In business, an essential part of any agreement or contract is the delivery of goods. This is the crucial part of a contract between a buyer and seller as it ensures that goods are received in a timely fashion. It might be services or it might be products. Whatever the case may be, the delivery of goods outlines exact terms between the contracting parties. Adhering to these terms is key to keeping successful business rapport. Accordingly, this article outlines a few points to consider regarding delivery of goods.
Key terms
In regards to the delivery of goods, a contract should include a few really vital details in order for it to give a clear understanding of all roles and rights of contracting parties. A basic understanding of contracts goes a long way in business. It is best to have the below points in your agreement. Seek the advice of a contract lawyer if you are unsure about this process.

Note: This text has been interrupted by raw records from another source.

Record two_point := TwoPoint { tp_cell1 : 'I_N; tp_cell2 : 'I_N; tp_prob1 : R }.

Definition potential_stable (h : hist) (d : two_point) :=
  0 <= tp_prob1 d <= 1 /\ forall a,
    tp_prob1 d * potential (rcons h (a, tp_cell1 d))
    + (1 - tp_prob1 d) * potential (rcons h (a, tp_cell2 d))
    <= potential h + 4^-1.

Lemma cell_ends_sub_grid (i : 'I_N) :
  i%:R / N%:R - grid R i = - half_width /\ i.+1%:R / N%:R - grid R i = half_width.
Proof.
rewrite /grid /half_width; move: (i : nat) => k.
rewrite -[k.+1]addn1 !natrD !natrM; split; field;
  by rewrite addrC natr1 pnatr_eq0.
Qed.

(* The ends [i/N] and [(i+1)/N] of cell [i] are within [half_width] of
   [grid i], so [potential_step_le] provides the hypothesis of
   [exists_nonpos_mix]. *)
Lemma exists_potential_stable h : exists d, potential_stable h d.
Proof.
pose U k := potential (rcons h (true, inord k)) - potential h - 4^-1.
pose W k := potential (rcons h (false, inord k)) - potential h - 4^-1.
have hN : (0 : R) < N%:R by rewrite ltr0Sn.
have [|i [j [lam [_ _ hl h1 h2]]]] := @exists_nonpos_mix R n U W.
  move=> i hi; have [E1 E2] := cell_ends_sub_grid (inord i : 'I_N).
  rewrite inordK // in E1 E2.
  split; apply: potential_step_le; rewrite ?E1 ?E2 ?normrN ?ger0_norm
    ?half_width_ge0 // divr_ge0 ?ler0n //= ler_pdivrMr // mul1r ler_nat //.
  exact: leqW.
exists (TwoPoint (inord i) (inord j) lam); split => // -[] /=.
  by move: h1; rewrite /U; lra.
by move: h2; rewrite /W; lra.
Qed.

End Potential.

Arguments cell_sum {R n}.
Arguments cell_count {R n}.
Arguments cell_excess {R n}.
Arguments potential {R n}.

Section PlayFrom.
Variable n : nat.
Local Notation N := n.+1.
Local Notation hist := (history N).
Local Notation fs := (fc_strat N).

Fixpoint play_from (h : hist) (r : rain_strat N) (f : fs) k : hist :=
  if k is k'.+1 then let h' := play_from h r f k' in rcons h' (r h', f h')
  else h.

Lemma play_from_nil r f k : play r f k = play_from [::] r f k.
Proof. by elim: k => //= k ->. Qed.

Lemma size_play_from h r f k : size (play_from h r f k) = (size h + k)%N.
Proof. by elim: k => [|k IH] /=; rewrite ?addn0 // size_rcons IH addnS. Qed.

Lemma play_fromS h r f k :
  play_from h r f k.+1 = play_from (rcons h (r h, f h)) r f k.
Proof. by elim: k => [//|k IH]; rewrite [in RHS]/= -IH. Qed.

Lemma play_from_extends h r f k : exists s, play_from h r f k = h ++ s.
Proof.
elim: k => [|k [s IH]] /=; first by exists [::]; rewrite cats0.
by exists (rcons s (r (h ++ s), f (h ++ s))); rewrite IH rcons_cat.
Qed.

Lemma eq_play_from h r f g k : (forall s, f (h ++ s) = g (h ++ s)) ->
  play_from h r f k = play_from h r g k.
Proof.
move=> E; elim: k => //= k ->.
by have [s ->] := play_from_extends h r g k; rewrite E.
Qed.

(* Forecast [c] at history [h], then continue with [f1] if it rained at
   that step and with [f0] otherwise. *)
Definition fork (h : hist) (c : 'I_N) (f0 f1 : fs) : fs := fun h' =>
  if (size h' <= size h)%N then c
  else if (nth (false, c) h' (size h)).1 then f1 h' else f0 h'.

Lemma fork_at h c f0 f1 : fork h c f0 f1 h = c.
Proof. by rewrite /fork leqnn. Qed.

Lemma play_from_fork h c f0 f1 a r k :
  play_from (rcons h (a, c)) r (fork h c f0 f1) k
  = play_from (rcons h (a, c)) r (if a then f1 else f0) k.
Proof.
apply: eq_play_from => s; rewrite /fork size_cat size_rcons addSn.
by rewrite ltnNge leq_addr /= cat_rcons nth_cat ltnn subnn /=; case: a.
Qed.

End PlayFrom.

Section BehaviorStrategy.
Variables (R : realType) (n : nat).
Local Notation N := n.+1.
Local Notation hist := (history N).
Local Notation fs := (fc_strat N).

Definition fork_mix (lam : R) (h : hist) (c : 'I_N) (s0 s1 : seq (R * fs)) :=
  [seq (lam * x.1 * y.1, fork h c x.2 y.2) | x <- s0, y <- s1].

Lemma fork_mix_ge0 lam h c s0 s1 : 0 <= lam ->
  all (fun x => 0 <= x.1) s0 -> all (fun x => 0 <= x.1) s1 ->
  all (fun x => 0 <= x.1) (fork_mix lam h c s0 s1).
Proof. by move=> l0 s0P s1P; apply: all_allpairs s0P s1P _ => x y /= *; rewrite !mulr_ge0. Qed.

Lemma sum_fork_mix lam h c s0 s1 : \sum_(z <- fork_mix lam h c s0 s1) z.1
  = lam * (\sum_(x <- s0) x.1) * (\sum_(y <- s1) y.1).
Proof.
rewrite big_allpairs_dep -mulrA big_distrlr mulr_sumr; apply: eq_bigr => x _.
by rewrite mulr_sumr; apply: eq_bigr => y _; rewrite mulrA.
Qed.

(* Only the subtree matching the realised weather matters; the other one
   contributes its total weight. *)
Lemma expected_fork_mix (F : hist -> R) r k lam h c s0 s1 :
  \sum_(z <- fork_mix lam h c s0 s1) z.1 * F (play_from h r z.2 k.+1)
  = lam * (\sum_(x <- if r h then s1 else s0)
              x.1 * F (play_from (rcons h (r h, c)) r x.2 k))
        * (\sum_(y <- if r h then s0 else s1) y.1).
Proof.
rewrite big_allpairs_dep.
under eq_bigr => x _ do under eq_bigr => y _ do
  rewrite play_fromS /= fork_at play_from_fork.
rewrite -mulrA big_distrlr mulr_sumr; case: (r h) => /=; first rewrite exchange_big.
all: by apply: eq_bigr => x _; rewrite mulr_sumr; apply: eq_bigr => y _; ring.
Qed.

Variable sel : hist -> two_point R n.
Hypothesis sel_stable : forall h, potential_stable h (sel h).

(* Kuhn's theorem: the behaviour strategy that plays [sel h] at every
   history [h], written as a mixture of pure strategies.  The pure strategies
   of the two continuation trees are paired independently. *)
Fixpoint tree_mix (k : nat) (h : hist) : seq (R * fs) :=
  if k is k'.+1 then
    let: TwoPoint c1 c2 p := sel h in
    fork_mix p h c1 (tree_mix k' (rcons h (false, c1)))
                    (tree_mix k' (rcons h (true, c1)))
    ++ fork_mix (1 - p) h c2 (tree_mix k' (rcons h (false, c2)))
                             (tree_mix k' (rcons h (true, c2)))
  else [:: (1, fun _ => ord0)].

Lemma tree_mix_mixed k h : is_mixed (tree_mix k h).
Proof.
elim: k h => [|k IH] h /=; first by rewrite /is_mixed big_seq1 /= ler01.
have [/andP[p0 p1] _] := sel_stable h.
case: (sel h) p0 p1 => c1 c2 p /= p0 p1; have p1' : 0 <= 1 - p by lra.
split; first by rewrite all_cat !fork_mix_ge0 //; apply: (IH _).1.
by rewrite big_cat !sum_fork_mix !(IH _).2 !mulr1; apply: subrKC.
Qed.

Lemma expected_potential_tree r k h :
  \sum_(x <- tree_mix k h) x.1 * potential (play_from h r x.2 k)
  <= potential h + k%:R / 4.
Proof.
elim: k h => [|k IH] h /=; first by rewrite big_seq1 mul1r mul0r addr0.
have [+ /(_ (r h))] := sel_stable h.
case: (sel h) => c1 c2 p /= /andP[p0 p1] stable.
have p1' : 0 <= 1 - p by lra.
have tree_le a c : \sum_(x <- if a then tree_mix k (rcons h (true, c))
                                   else tree_mix k (rcons h (false, c)))
    x.1 * potential (play_from (rcons h (a, c)) r x.2 k)
    <= potential (rcons h (a, c)) + k%:R / 4.
  by case: a; apply: IH.
have tree_sum1 a c : \sum_(y <- if a then tree_mix k (rcons h (false, c))
                                      else tree_mix k (rcons h (true, c))) y.1 = 1.
  by case: a; apply: (tree_mix_mixed _ _).2.
rewrite big_cat !expected_fork_mix !tree_sum1 !mulr1.
apply: le_trans (lerD (ler_wpM2l p0 (tree_le _ c1)) (ler_wpM2l p1' (tree_le _ c2))) _.
rewrite -[k.+1]addn1 natrD; lra.
Qed.

End BehaviorStrategy.

Section Calibration.
Variables (R : realType) (n : nat).
Local Notation N := n.+1.
Local Notation hist := (history N).

Lemma sum_cell_count (h : hist) : \sum_(i < N) cell_count h i = (size h)%:R :> R.
Proof.
rewrite /cell_count exchange_big /= -sum1_size natr_sum.
apply: eq_bigr => p _; rewrite (bigD1 p.2) //= eqxx big1 ?addr0 // => i.
by rewrite eq_sym => /negPf ->.
Qed.

(* Each [|cell_sum h i|] exceeds its tolerance by at most [cell_excess h i],
   and [x <= x ^+ 2 / (2 lam) + lam / 2] by AM-GM. *)
Lemma calib_le_potential (h : hist) (lam : R) : 0 < lam -> (0 < size h)%N ->
  calib R (size h) h <= half_width R n + (size h)%:R^-1 * (N%:R * lam / 2)
    + (size h)%:R^-1 / (2 * lam) * potential h.
Proof.
move=> hl hT; set t := (size h)%:R; have ht : 0 < t by rewrite ltr0n.
have cell_le i : `|cell_sum h i| <= cell_count h i * half_width R n
    + (cell_excess h i ^+ 2 / (2 * lam) + lam / 2).
  have := pospart_ge (`|cell_sum h i| - cell_count h i * half_width R n).
  have : 0 <= (cell_excess h i - lam) ^+ 2 / (2 * lam).
    by rewrite divr_ge0 ?sqr_ge0 // mulr_ge0 ?ltW.
  have -> : (cell_excess h i - lam) ^+ 2 / (2 * lam)
      = cell_excess h i ^+ 2 / (2 * lam) + lam / 2 - cell_excess h i.
    by field; rewrite lt0r_neq0.
  rewrite -/(cell_excess h i); lra.
rewrite /calib -[X in X <= _]/(t^-1 * \sum_(i < N) `|cell_sum h i|).
have -> : half_width R n + t^-1 * (N%:R * lam / 2) + t^-1 / (2 * lam) * potential h
    = t^-1 * (t * half_width R n + (N%:R * lam / 2 + potential h / (2 * lam))).
  by field; rewrite !lt0r_neq0.
rewrite ler_pM2l ?invr_gt0 //.
apply: le_trans (ler_sum _ (fun i _ => cell_le i)) _.
rewrite big_split /= -mulr_suml sum_cell_count big_split /= -mulr_suml.
rewrite sumr_const card_ord /potential -mulr_natr; lra.
Qed.

Lemma calib_budget (t m lam : R) :
  0 < m -> m ^+ 3 <= t -> lam = t / (2 * m ^+ 2) ->
  (2 * m)^-1 + t^-1 * (m * lam / 2) + t^-1 / (2 * lam) * (t / 4) <= m^-1.
Proof.
move=> hm hm3 ->; have ht : 0 < t by apply: lt_le_trans hm3; rewrite exprn_gt0.
have -> : (2 * m)^-1 + t^-1 * (m * (t / (2 * m ^+ 2)) / 2)
          + t^-1 / (2 * (t / (2 * m ^+ 2))) * (t / 4)
        = (2 * m)^-1 + (4 * m)^-1 + (4 * m)^-1 * (m ^+ 3 / t).
  by field; rewrite !lt0r_neq0.
have h3 : m ^+ 3 / t <= 1 by rewrite ler_pdivrMr // mul1r.
have h4 : 0 <= (4 * m)^-1 by rewrite invr_ge0 ltW // mulr_gt0.
have -> : m^-1 = (2 * m)^-1 + (4 * m)^-1 + (4 * m)^-1.
  by field; rewrite lt0r_neq0.
nra.
Qed.

Variables (sel : hist -> two_point R n) (T : nat).
Hypothesis sel_stable : forall h, potential_stable h (sel h).

Lemma tree_calib_le r : (N ^ 3 <= T)%N ->
  \sum_(p <- tree_mix sel T [::]) p.1 * calib R T (play r p.2 T) <= N%:R^-1.
Proof.
move=> hT; have hT0 : (0 < T)%N by apply: leq_trans hT; rewrite expn_gt0.
have hm3 : N%:R ^+ 3 <= T%:R :> R by rewrite -natrX ler_nat.
pose lam : R := T%:R / (2 * N%:R ^+ 2).
have hl : 0 < lam by rewrite divr_gt0 ?ltr0n // mulr_gt0 // exprn_gt0.
have [w0 w1] := tree_mix_mixed sel_stable T [::].
pose a := half_width R n + T%:R^-1 * (N%:R * lam / 2).
pose b := T%:R^-1 / (2 * lam).
have hb : 0 <= b by rewrite divr_ge0 ?invr_ge0 ?ler0n // mulr_ge0 ?ltW.
have calib_le f : calib R T (play r f T) <= a + b * potential (play_from [::] r f T).
  have := @calib_le_potential (play_from [::] r f T) _ hl.
  by rewrite size_play_from play_from_nil; apply.
have hexp := expected_potential_tree sel_stable r T [::].
rewrite potential_nil add0r in hexp.
apply: le_trans (ler_wsum w0 calib_le) _.
rewrite (mixed_sum_affine a b (fun f => potential (play_from [::] r f T)) w1).
apply: le_trans (lerD (lexx a) (ler_wpM2l hb hexp)) _.
by rewrite /a /b /half_width natrM; apply: calib_budget.
Qed.

End Calibration.

Lemma expected_calib_le_pure (R : realType) (N T : nat)
    (mf : seq (R * fc_strat N)) (mr : seq (R * rain_strat N)) (b : R) :
  is_mixed mr ->
  (forall r, \sum_(p <- mf) p.1 * calib R T (play r p.2 T) <= b) ->
  expected_calib T mf mr <= b.
Proof.
move=> [mr0 mr1] pure_le; rewrite /expected_calib exchange_big /=.
rewrite (eq_bigr (fun q => q.1 * \sum_(p <- mf) p.1 * calib R T (play q.2 p.2 T))).
  by apply: le_trans (ler_wsum mr0 pure_le) _; rewrite -mulr_suml mr1 mul1r.
by move=> q _; rewrite mulr_sumr; apply: eq_bigr => p _; rewrite mulrA (mulrC q.1).
Qed.

Theorem theorem2 (R : realType) (N T : nat) :
  (1 <= N)%N -> (N ^ 3 <= T)%N ->
  exists mf : seq (R * fc_strat N),
    is_mixed mf /\
    forall mr : seq (R * rain_strat N),
      is_mixed mr -> expected_calib T mf mr <= N%:R^-1.
Proof.
case: N => [//|n] _ hT.
have [sel sel_stable] := @functional_choice _ _ _ (@exists_potential_stable R n).
exists (tree_mix sel T [::]); split; first exact: tree_mix_mixed.
move=> mr mr_mixed; apply: expected_calib_le_pure mr_mixed _ => r.
exact: tree_calib_le.
Qed.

- You should list the precise quantity of goods . It may be a number of items, or it may be an amount in time or hours given to a product or service. Sometimes, these may be approximate, but it is good practice to be as exact as possible
- Terms and method of delivery. This lists the delivery mode. It could be files on a server. Or it might be the physical delivery of packaged goods. This should include the location, the time, and any other requirements which may affect the delivery of goods. For example, if the there is only a small window of opportunity for delivery given opening hours of a business, this must be stipulated
- It should include contingency arrangements if for whatever reason the delivery of goods is not fulfilled in the manner that was agreed, or cannot be delivered
- It should include the payment terms of goods. Whether it is agreed that deposits are paid with the full and final balance owing upon delivery. Or if the full and final balance is to be paid prior to delivery. Alternatively, full and final payment may be settled at the completion of delivery
- A clause for late delivery, and any other costs incurred by problems with delivery
- The agreement must make reference to any third parties holding goods as bailee for the benefit of the purchaser
Actual delivery
This is physical delivery. This occurs when goods are actually and physically given by a seller to the buyer for possession. For example, when you buy a car from a car showroom. You are gaining possession of the car. Therefore, you have received the actual delivery of goods.
Constructive delivery
Constructive delivery differs to actual delivery in that it is more a recognition of a right than a physical delivery. For example, the person who possesses the product will recognise that he or she has the goods for the benefit of and the disposal for the person who bought it. It can occur when a seller sells the product and agrees to hold it as bailee for the purchaser. It can also occur when a third party holds the products as bailee for a seller and agrees to hold them for a buyer. For example, this might be a carrier. This involves fiduciary duties between bailor and bailee. It is wise to have an understanding of these types of relationships also.
As you can see, it is not as easy as simply delivering goods. It can be a physical a concept as it is an intangible one. In any event, it is vital that you fulfil your delivery of goods agreement. If you are unsure about your situation, it may be worth speaking to a legal practitioner for advice.